[Tutor] capture output from a subprocess while it is being produced

Wed Jun 15 00:48:03 EDT 2016

On Tue, Jun 14, 2016 at 8:03 PM, Albert-Jan Roskam
<sjeik_appie at hotmail.com> wrote:
>
>     proc = Popen("ls -lF", cwd=cwd, shell=True, stdout=PIPE, stderr=PIPE)

Don't use shell=True if you can avoid it. "ls" isn't a shell command.
Use ['ls', '-lF'].

The child process probably buffers its output when stdout isn't a
terminal. A typical standard I/O buffer size is 4 KiB. Reading from
the pipe will block until the child flushes the buffer to the pipe. It
might fflush() at checkpoints, but otherwise this happens
automatically when the buffer is full or when the child exits
normally.

On Linux you can use stdbuf to try forcing a program's stdout to use
either no buffering (-o0) or line buffering (-oL) -- e.g. `stdbuf -o0
ls -lF`. That said, "ls" should use full buffering in a pipe. You need
to test using a long-running process with intermittent output. You
could use a Python script that sleeps for a random interval between
writes to stdout and stderr.

On Windows there's no program like stdbuf to control standard I/O
buffering. If the target is a Python script, you can force interactive
mode using the "-i" option or disable buffering using "-u" (but -u
doesn't work for the 2.x REPL on Windows, since it switches to binary
mode).

>             #output, errors = proc.communicate() # "Wait for process to terminate."
>             output = proc.stdout.read()  # docs: "Use communicate() rather than .stdin.write, .stdout.read or .stderr.read"
>             errors = proc.stderr.read()

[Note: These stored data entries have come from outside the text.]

(* The logic $\mathsf{CK}\oplus\mathsf{C}_\Diamond\oplus\mathsf{N}_\Diamond$ is a conservative extension of $\mathsf{CK}_\Box$: a $\Diamond$-free formula is derivable in $\mathsf{CK}\oplus\mathsf{C}_\Diamond\oplus\mathsf{N}_\Diamond$ if and only if it is a theorem of $\mathsf{CK}_\Box$.
   Context: Formulas: $\mathbf{L}$ is generated from a countably infinite set of propositional variables by $\varphi ::= p \mid \bot \mid \varphi\wedge\varphi \mid \varphi\vee\varphi \mid \varphi\to\varphi \mid \Box\varphi \mid \Diamond\varphi$. Axioms: $\mathsf{K}_\Box$: $\Box(\varphi\to\psi)\to(\Box\varphi\to\Box\psi)$; $\mathsf{K}_\Diamond$: $\Box(\varphi\to\psi)\to(\Diamond\varphi\to\Diamond\psi)$; $\mathsf{N}_\Diamond$: $\Diamond\bot\to\bot$; $\mathsf{C}_\Diamond$: $\Diamond(\varphi\vee\psi)\to\Diamond\varphi\vee\Diamond\psi$. For a set $\mathsf{Ax}$ of axioms, $\mathsf{CK}\oplus\mathsf{Ax}$ is the relation $\Gamma\vdash_{\mathsf{Ax}}\varphi$ inductively generated by: (Ax) $\Gamma\vdash\varphi$ whenever $\varphi$ is a substitution instance of an axiom of a standard Hilbert axiomatisation of intuitionistic propositional logic, of $\mathsf{K}_\Box$, of $\mathsf{K}_\Diamond$, or of an element of $\mathsf{Ax}$; (El) $\Gamma\vdash\varphi$ if $\varphi\in\Gamma$; (MP) from $\Gamma\vdash\varphi$ and $\Gamma\vdash\varphi\to\psi$ infer $\Gamma\vdash\psi$; (Nec) from $\emptyset\vdash\varphi$ infer $\Gamma\vdash\Box\varphi$. A formula is derivable if $\emptyset\vdash_{\mathsf{Ax}}\varphi$. $\mathsf{CK}_\Box$ is the logic on $\Diamond$-free formulas axiomatised by intuitionistic propositional logic plus $\mathsf{K}_\Box$, closed under modus ponens and necessitation. A logic is a conservative extension of $\mathsf{CK}_\Box$ if its derivable $\Diamond$-free formulas are exactly the theorems of $\mathsf{CK}_\Box$. *)

From Stdlib Require Import List.

Inductive form : Type :=
| Var : nat -> form
| Bot : form
| And : form -> form -> form
| Or  : form -> form -> form
| Imp : form -> form -> form
| Box : form -> form
| Dia : form -> form.

Inductive IPL_axiom : form -> Prop :=
| ipl_K  : forall A B, IPL_axiom (Imp A (Imp B A))
| ipl_S  : forall A B C, IPL_axiom (Imp (Imp A (Imp B C)) (Imp (Imp A B) (Imp A C)))
| ipl_AE1 : forall A B, IPL_axiom (Imp (And A B) A)
| ipl_AE2 : forall A B, IPL_axiom (Imp (And A B) B)
| ipl_AI : forall A B, IPL_axiom (Imp A (Imp B (And A B)))
| ipl_OI1 : forall A B, IPL_axiom (Imp A (Or A B))
| ipl_OI2 : forall A B, IPL_axiom (Imp B (Or A B))
| ipl_OE : forall A B C, IPL_axiom (Imp (Imp A C) (Imp (Imp B C) (Imp (Or A B) C)))
| ipl_EFQ : forall A, IPL_axiom (Imp Bot A).

Inductive CK_axiom : form -> Prop :=
| ck_ipl : forall A, IPL_axiom A -> CK_axiom A
| ck_Kbox : forall A B, CK_axiom (Imp (Box (Imp A B)) (Imp (Box A) (Box B)))
| ck_Kdia : forall A B, CK_axiom (Imp (Box (Imp A B)) (Imp (Dia A) (Dia B))).

Definition N_dia (A : form) : Prop := A = Imp (Dia Bot) Bot.
Definition C_dia (A : form) : Prop :=
  exists B C, A = Imp (Dia (Or B C)) (Or (Dia B) (Dia C)).

Inductive derives (Ax : form -> Prop) (Gamma : form -> Prop) : form -> Prop :=
| d_ax : forall A, CK_axiom A -> derives Ax Gamma A
| d_extra : forall A, Ax A -> derives Ax Gamma A
| d_el : forall A, Gamma A -> derives Ax Gamma A
| d_mp : forall A B, derives Ax Gamma A -> derives Ax Gamma (Imp A B) -> derives Ax Gamma B
| d_nec : forall A, derives Ax (fun _ => False) A -> derives Ax Gamma (Box A).

Definition derivable (Ax : form -> Prop) (A : form) : Prop :=
  derives Ax (fun _ => False) A.

Definition CN_dia (A : form) : Prop := C_dia A \/ N_dia A.

Fixpoint dia_free (A : form) : Prop :=
  match A with
  | Var _ | Bot => True
  | And B C | Or B C | Imp B C => dia_free B /\ dia_free C
  | Box B => dia_free B
  | Dia _ => False
  end.

Inductive CKbox_thm : form -> Prop :=
| cb_ipl : forall A, dia_free A -> IPL_axiom A -> CKbox_thm A
| cb_Kbox : forall A B, dia_free A -> dia_free B ->
    CKbox_thm (Imp (Box (Imp A B)) (Imp (Box A) (Box B)))
| cb_mp : forall A B, CKbox_thm A -> CKbox_thm (Imp A B) -> CKbox_thm B
| cb_nec : forall A, CKbox_thm A -> CKbox_thm (Box A).

(* Replacing every subformula [Dia B] by [Bot] fixes diamond-free formulas and
   turns the instances of C_Dia and N_Dia into instances of ex falso, and those
   of K_Dia into weakenings of [Bot -> Bot]; all are theorems of CK_Box. As the
   translation commutes with modus ponens and necessitation, it maps
   derivations to CK_Box proofs. Conversely, CK_Box is axiomatised by a subset
   of the axioms and rules of CK. *)

Fixpoint erase_dia (A : form) : form :=
  match A with
  | Var n => Var n
  | Bot => Bot
  | And B C => And (erase_dia B) (erase_dia C)
  | Or B C => Or (erase_dia B) (erase_dia C)
  | Imp B C => Imp (erase_dia B) (erase_dia C)
  | Box B => Box (erase_dia B)
  | Dia _ => Bot
  end.

Lemma dia_free_erase_dia : forall A, dia_free (erase_dia A).
Proof. induction A; simpl; auto. Qed.

Lemma erase_dia_id : forall A, dia_free A -> erase_dia A = A.
Proof.
  induction A; simpl; intros HA; try tauto.
  - destruct HA; rewrite IHA1, IHA2 by assumption; reflexivity.
  - destruct HA; rewrite IHA1, IHA2 by assumption; reflexivity.
  - destruct HA; rewrite IHA1, IHA2 by assumption; reflexivity.
  - rewrite IHA by assumption; reflexivity.
Qed.

Lemma IPL_axiom_erase_dia : forall A, IPL_axiom A -> IPL_axiom (erase_dia A).
Proof. intros A HA; destruct HA; simpl; constructor. Qed.

Lemma CKbox_thm_efq : forall A, dia_free A -> CKbox_thm (Imp Bot A).
Proof. intros A HA; apply cb_ipl; [simpl; auto | constructor]. Qed.

Lemma CKbox_thm_weaken : forall A B,
  dia_free A -> dia_free B -> CKbox_thm B -> CKbox_thm (Imp A B).
Proof.
  intros A B HA HB HBthm.
  apply (cb_mp B); [exact HBthm |].
  apply cb_ipl; [simpl; auto | constructor].
Qed.

Lemma CKbox_thm_erase_dia_CK_axiom : forall A,
  CK_axiom A -> CKbox_thm (erase_dia A).
Proof.
  intros A HA; destruct HA as [A Hipl | A B | A B]; simpl.
  - apply cb_ipl; [apply dia_free_erase_dia | apply IPL_axiom_erase_dia; exact Hipl].
  - apply cb_Kbox; apply dia_free_erase_dia.
  - apply CKbox_thm_weaken; simpl; auto using dia_free_erase_dia.
    apply CKbox_thm_efq; exact I.
Qed.

Lemma CKbox_thm_erase_dia_CN_dia : forall A,
  CN_dia A -> CKbox_thm (erase_dia A).
Proof.
  intros A [[B [C ->]] | ->]; simpl; apply CKbox_thm_efq; simpl; auto.
Qed.

Lemma CKbox_thm_erase_dia_derives : forall Gamma A,
  derives CN_dia Gamma A ->
  (forall B, Gamma B -> CKbox_thm (erase_dia B)) ->
  CKbox_thm (erase_dia A).
Proof.
  intros Gamma A D.
  induction D as [G C Hax | G C Hcn | G C HC | G C E _ IHC _ IHCE | G C _ IHC]; intros HGamma.
  - apply CKbox_thm_erase_dia_CK_axiom; exact Hax.
  - apply CKbox_thm_erase_dia_CN_dia; exact Hcn.
  - apply HGamma; exact HC.
  - apply (cb_mp (erase_dia C)); [apply IHC | apply IHCE]; exact HGamma.
  - apply cb_nec, IHC; intros B [].
Qed.

Lemma derives_CKbox_thm : forall Ax Gamma A, CKbox_thm A -> derives Ax Gamma A.
Proof.
  intros Ax Gamma A HA; revert Gamma.
  induction HA as [A _ Hipl | A B _ _ | A B _ IHA _ IHAB | A _ IHA]; intros Gamma.
  - apply d_ax, ck_ipl; exact Hipl.
  - apply d_ax, ck_Kbox.
  - apply (d_mp _ _ A B); [apply IHA | apply IHAB].
  - apply d_nec, IHA.
Qed.

Theorem mainTheorem12 :
  forall A : form, dia_free A -> (derivable CN_dia A <-> CKbox_thm A).
Proof.
  intros A HA; split.
  - intros D. rewrite <- (erase_dia_id A HA).
    apply (CKbox_thm_erase_dia_derives (fun _ => False)); [exact D | intros B []].
  - apply derives_CKbox_thm.
Qed.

Start a dedicated thread to read from each file. Otherwise you can end
up with a deadlock. For example, the child could block while writing
to a full stderr pipe, while the parent blocks while reading from an
empty stdout pipe. Also, you should read by lines using readline(), or
a byte at a time using read(1).

>             if errors:
>                 raise RuntimeError(str(errors))

Data on stderr doesn't necessarily indicate an error. It could simply
be logging, warnings, or debug output. An error is indicated by a
non-zero exit code. Use proc.wait().